= Robbery =

Taking something belonging to another by force

Robbery (Note: From Old French rober ("to steal, ransack, etc.") from Proto-West Germanic *rauba ("booty")) is the crime of taking or attempting to take anything of value by force, threat of force, or use of fear. According to common law, robbery is defined as taking the property of another, with the intent to permanently deprive the person of that property, by means of force or fear; that is, it is a larceny or theft accomplished by an assault. Precise definitions of the offence may vary between jurisdictions. Robbery is differentiated from other forms of theft (such as burglary, shoplifting, pickpocketing, or car theft) by its inherently violent nature (a violent crime); whereas many lesser forms of theft are punished as misdemeanors, robbery is always a felony in jurisdictions that distinguish between the two. Under English law, most forms of theft are triable either way, whereas robbery is triable only on indictment.

==Etymology==
The word "rob" came via French from Late Latin words (e.g., deraubare) of Germanic origin, from Common Germanic raub "theft".

==Types of robbery==
Among the types of robbery are armed robbery, which involves the use of a weapon, and aggravated robbery, when someone brings with them a deadly weapon or something that appears to be a deadly weapon. Highway robbery or mugging takes place outside or in a public place such as a sidewalk, street, or parking lot. Carjacking is the act of stealing a car from a victim by force.

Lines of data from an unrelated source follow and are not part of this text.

(* For every forest $T$ on $n \geq 1$ vertices, $pdim(T) \leq 1.441 \log_2 n + 3$.
   Context: For a graph $G=(V,E)$ and $l\in\mathbb{N}$, an $l$-encoding of $G$ is an injective function $\phi: V\to\mathbb{N}^l$ such that for all $u,v\in V$, $\{u,v\}\in E$ if and only if $\phi(u)$ and $\phi(v)$ differ in all $l$ coordinates. The product dimension $pdim(G)$ is the minimum $l$ such that an $l$-encoding of $G$ exists (equivalently, the minimum $l$ such that $G$ is an induced subgraph of a direct product of $l$ complete graphs). *)

From mathcomp Require Import all_boot.
From Stdlib Require Import Reals.
Set Implicit Arguments. Unset Strict Implicit. Unset Printing Implicit Defensive.

Definition simple_graph (T : finType) (e : rel T) : Prop :=
  symmetric e /\ irreflexive e.

Definition has_cycle (T : finType) (e : rel T) : Prop :=
  exists (x : T) (s : seq T),
    [/\ 2 <= size s, uniq (x :: s), path e x s & e (last x s) x].

Definition forest (T : finType) (e : rel T) : Prop :=
  simple_graph e /\ ~ has_cycle e.

Definition encoding (T : finType) (e : rel T) (l : nat)
    (phi : T -> {ffun 'I_l -> nat}) : Prop :=
  injective phi /\
  forall u v : T, e u v <-> (forall i : 'I_l, phi u i <> phi v i).

Definition has_encoding (T : finType) (e : rel T) (l : nat) : Prop :=
  exists phi : T -> {ffun 'I_l -> nat}, @encoding T e l phi.

Definition log2 (x : R) : R := (ln x / ln 2)%R.

From mathcomp Require Import all_boot zify.
From Stdlib Require Import Reals Lra.
Set Implicit Arguments. Unset Strict Implicit. Unset Printing Implicit Defensive.

(* The encoding of a forest T with d+2 coordinates is built from a
   "d-separating scheme" on its vertex set: a proper 2-colouring col plus
   coordinate functions cs i, each a proper colouring, such that any two
   distinct non-adjacent vertices of different colours agree in some cs i
   with i < d.  Coordinate 0 of the encoding is an injective label, coordinate
   1 the colour, coordinates 2..d+1 are cs 0 .. cs (d-1).

   Schemes glue: if S = A u B with A n B = {v} and no edges between A \ B and
   B \ A, schemes of depth d on A and B (relabelled to agree at v) give a
   scheme of depth d+1 on S, the extra coordinate separating the two sides.
   In a forest one cuts at a centroid v (every component of S \ v has at most
   |S|/2 vertices) and distributes the components into at most three groups;
   gluing the pieces shows by induction that every vertex set of size at most
   fib (d+1) has a d-separating scheme, where fib = 1, 2, 3, 5, 8, ....
   Finally fib d >= 1.618^d and 85 log2 1.618 >= 59 turn the minimal such d
   into the bound 1.441 log2 n. *)

Section Separation.
Variables (T : finType) (e : rel T).
Hypotheses (e_sym : symmetric e) (e_irr : irreflexive e).
Implicit Types (S U G A B : {set T}) (d : nat).

Definition separates (S : {set T}) (d : nat) (col : T -> bool)
    (cs : nat -> T -> nat) : Prop :=
  [/\ {in S &, forall u w, e u w -> col u != col w},
      forall i, {in S &, forall u w, e u w -> cs i u != cs i w} &
      {in S &, forall u w, u != w -> ~~ e u w -> col u != col w ->
         exists2 i, i < d & cs i u = cs i w}].

Definition separable (S : {set T}) (d : nat) : Prop :=
  exists col cs, separates S d col cs.

Lemma separable_mono S d d' : d <= d' -> separable S d -> separable S d'.
Proof.
move=> le_dd' [col [cs [pcol pcs sep]]]; exists col, cs; split=> // u w uS wS uw nuw cuw.
by have [i lt_id eq_i] := sep u w uS wS uw nuw cuw; exists i; first exact: leq_trans le_dd'.
Qed.

(* An injective label, the colour and the d separating coordinates encode the
   whole graph: adjacent vertices differ everywhere by properness, and
   non-adjacent ones agree in the label, the colour or some cs i. *)
Lemma encoding_of_separable d : separable [set: T] d -> has_encoding e d.+2.
Proof.
move=> [col [cs [pcol pcs sep]]].
pose phi u : {ffun 'I_d.+2 -> nat} := [ffun i =>
  match val i with 0 => pickle u | 1 => nat_of_bool (col u) | j.+2 => cs j u end].
have pickle_inj : injective (@pickle T) := pcan_inj (@pickleK T).
exists phi; split=> [u w /ffunP/(_ ord0) | u w].
  by rewrite !ffunE => /pickle_inj.
split=> [euw i | differ].
  have uw : u != w by apply: contraTneq euw => ->; rewrite e_irr.
  rewrite !ffunE; case: i => -[|[|j]] lt_i /=; apply/eqP.
  - by rewrite (inj_eq pickle_inj).
  - by have := pcol u w (in_setT u) (in_setT w) euw; case: (col u); case: (col w).
  - exact: pcs.
apply/negPn/negP => nuw.
have [uw | uw] := eqVneq u w; first by apply: (differ ord0); rewrite uw.
have [cuw | cuw] := eqVneq (col u) (col w).
  by apply: (differ (Ordinal (isT : 1 < d.+2))); rewrite !ffunE /= cuw.
have [j lt_jd eq_j] := sep u w (in_setT u) (in_setT w) uw nuw cuw.
by apply: (differ (Ordinal (lt_jd : j.+2 < d.+2))); rewrite !ffunE /= eq_j.
Qed.

Lemma separates_relabel S d col cs (f : bool -> bool) (g : nat -> nat -> nat) :
  injective f -> (forall i, injective (g i)) -> separates S d col cs ->
  separates S d (f \o col) (fun i => g i \o cs i).
Proof.
move=> fI gI [pcol pcs sep]; split=> [u w uS wS euw | i u w uS wS euw | u w uS wS uw nuw].
- by rewrite /= (inj_eq fI) pcol.
- by rewrite /= (inj_eq (gI i)) pcs.
- by rewrite /= (inj_eq fI) => /(sep u w uS wS uw nuw) [i lt_id eq_i]; exists i; rewrite //= eq_i.
Qed.

Definition swapn (a b k : nat) : nat := if k == a then b else if k == b then a else k.

Lemma swapnK a b : involutive (swapn a b).
Proof.
move=> k; rewrite /swapn; case: (eqVneq k a) => [->|ka].
  by case: (eqVneq b a) => [-> //|_]; rewrite eqxx.
case: (eqVneq k b) => [->|kb]; first by rewrite eqxx.
by rewrite (negPf ka) (negPf kb).
Qed.

Lemma separable_pin S d v (b : bool) (k : nat -> nat) : separable S d ->
  exists col cs, [/\ separates S d col cs, col v = b & forall i, cs i v = k i].
Proof.
move=> [col [cs hs]].
exists (addb^~ (col v (+) b) \o col), (fun i => swapn (cs i v) (k i) \o cs i); split.
- by apply: separates_relabel hs => [|i]; [exact: addIb | exact: inv_inj (swapnK _ _)].
- by rewrite /= addKb.
- by move=> i; rewrite /= /swapn eqxx.
Qed.

Lemma setU_cases (A B : {set T}) u w : u \in A :|: B -> w \in A :|: B ->
  [\/ u \in A /\ w \in A, u \in B /\ w \in B,
      u \in A :\: B /\ w \in B :\: A | u \in B :\: A /\ w \in A :\: B].
Proof.
rewrite !inE; case: (u \in A); case: (u \in B); case: (w \in A); case: (w \in B) => //= _ _;
  by [constructor 1 | constructor 2 | constructor 3 | constructor 4].
Qed.

Lemma edge_within A B : {in A :\: B & B :\: A, forall x y, ~~ e x y} ->
  {in A :|: B &, forall u w, e u w -> (u \in A /\ w \in A) \/ (u \in B /\ w \in B)}.
Proof.
move=> cross u w uS wS euw.
case: (setU_cases uS wS) => [||[uA wB]|[uB wA]]; [by left|by right| |].
- by have := cross u w uA wB; rewrite euw.
- by have := cross w u wA uB; rewrite e_sym euw.
Qed.

(* Gluing two schemes that agree at the shared vertex v: on A and on B the
   colour and the coordinates 1, 2, ... follow the given schemes, and the new
   coordinate 0 is 2 on A n B, the colour on B \ A and the flipped colour on A \ B,
   so that it identifies the differently coloured pairs across the cut. *)
Section Glue.
Variables (A B : {set T}) (v : T) (d : nat).
Variables (colA colB : T -> bool) (csA csB : nat -> T -> nat).
Hypothesis shared_v : A :&: B \subset [set v].
Hypothesis no_cross : {in A :\: B & B :\: A, forall x y, ~~ e x y}.
Hypothesis sepA : separates A d colA csA.
Hypothesis sepB : separates B d colB csB.
Hypothesis agree_col : colA v = colB v.
Hypothesis agree_cs : forall i, csA i v = csB i v.

Definition glue_col u := if u \in A then colA u else colB u.

Definition glue_cs i u : nat :=
  if i is j.+1 then (if u \in A then csA j u else csB j u)
  else if u \in A :&: B then 2 else glue_col u (+) (u \in A).

Lemma glue_onA u : u \in A -> glue_col u = colA u /\ forall j, glue_cs j.+1 u = csA j u.
Proof. by rewrite /glue_col /glue_cs => ->. Qed.

Lemma glue_shared u : u \in A :&: B -> u = v.
Proof. by move=> uAB; apply/set1P; apply: (subsetP shared_v). Qed.

(* On B the glued functions follow the scheme of B; at v this uses the agreement. *)
Lemma glue_onB u : u \in B -> glue_col u = colB u /\ forall j, glue_cs j.+1 u = csB j u.
Proof.
rewrite /glue_col /glue_cs; case: ifP => // uA uB.
by rewrite (glue_shared (u := u)) // inE uA.
Qed.

Lemma glue_col_proper : {in A :|: B &, forall u w, e u w -> glue_col u != glue_col w}.
Proof.
have [[pA _ _] [pB _ _]] := (sepA, sepB).
move=> u w uS wS euw; case: (edge_within no_cross uS wS euw) => [[uA wA]|[uB wB]].
  by rewrite (glue_onA uA).1 (glue_onA wA).1 pA.
by rewrite (glue_onB uB).1 (glue_onB wB).1 pB.
Qed.

(* The cut coordinate is proper: an edge meets the shared vertex at most once,
   and otherwise both ends lie on the same side, where it is the (possibly
   flipped) proper colouring. *)
Lemma glue_side_proper : {in A :|: B &, forall u w, e u w -> glue_cs 0 u != glue_cs 0 w}.
Proof.
move=> u w uS wS euw; have cuw := glue_col_proper uS wS euw.
have [uAB | uAB] := boolP (u \in A :&: B); have [wAB | wAB] := boolP (w \in A :&: B).
- by move: euw; rewrite (glue_shared uAB) (glue_shared wAB) e_irr.
- by rewrite /glue_cs uAB (negPf wAB); case: (_ (+) _).
- by rewrite /glue_cs wAB (negPf uAB); case: (_ (+) _).
have same_A : (u \in A) = (w \in A).
  move: uAB wAB; rewrite !inE.
  by case: (edge_within no_cross uS wS euw) => -[-> ->] //=; case: (_ \in A); case: (_ \in A).
rewrite /glue_cs (negPf uAB) (negPf wAB) same_A; move: cuw.
by case: (glue_col u); case: (glue_col w); case: (w \in A).
Qed.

Criminal slang for various kinds of robbery includes "blagging" (armed robbery, usually of a bank), "stickup" (derived from the verbal command "Stick 'em up!" to robbery targets to raise their hands in the air), and "steaming" (organized robbery; originally referred to robbery of trains); see Wiktionary:robbery for more.

==By country==
=== Canada ===

In Canada, the Criminal Code makes robbery an indictable offence, subject to a maximum penalty of life imprisonment. If the accused uses a restricted or prohibited firearm to commit robbery, there is a mandatory minimum sentence of five years for the first offence, and seven years for subsequent offences.

=== Ireland ===
Robbery is a statutory offence in Ireland. It is created by section 14(1) of the Criminal Justice (Theft and Fraud Offences) Act 2001, which provides:

A person is guilty of robbery if he or she steals, and immediately before or at the time of doing so, and in order to do so, uses force on any person or puts or seeks to put any person in fear of being then and there subjected to force.

=== United Kingdom ===

==== England and Wales ====
Robbery is a statutory offence created by section 8(1) of the Theft Act 1968, which reads:

A person is guilty of robbery if he steals, and immediately before or at the time of doing so, and in order to do so, he uses force on any person or puts or seeks to put any person in fear of being then and there subjected to force.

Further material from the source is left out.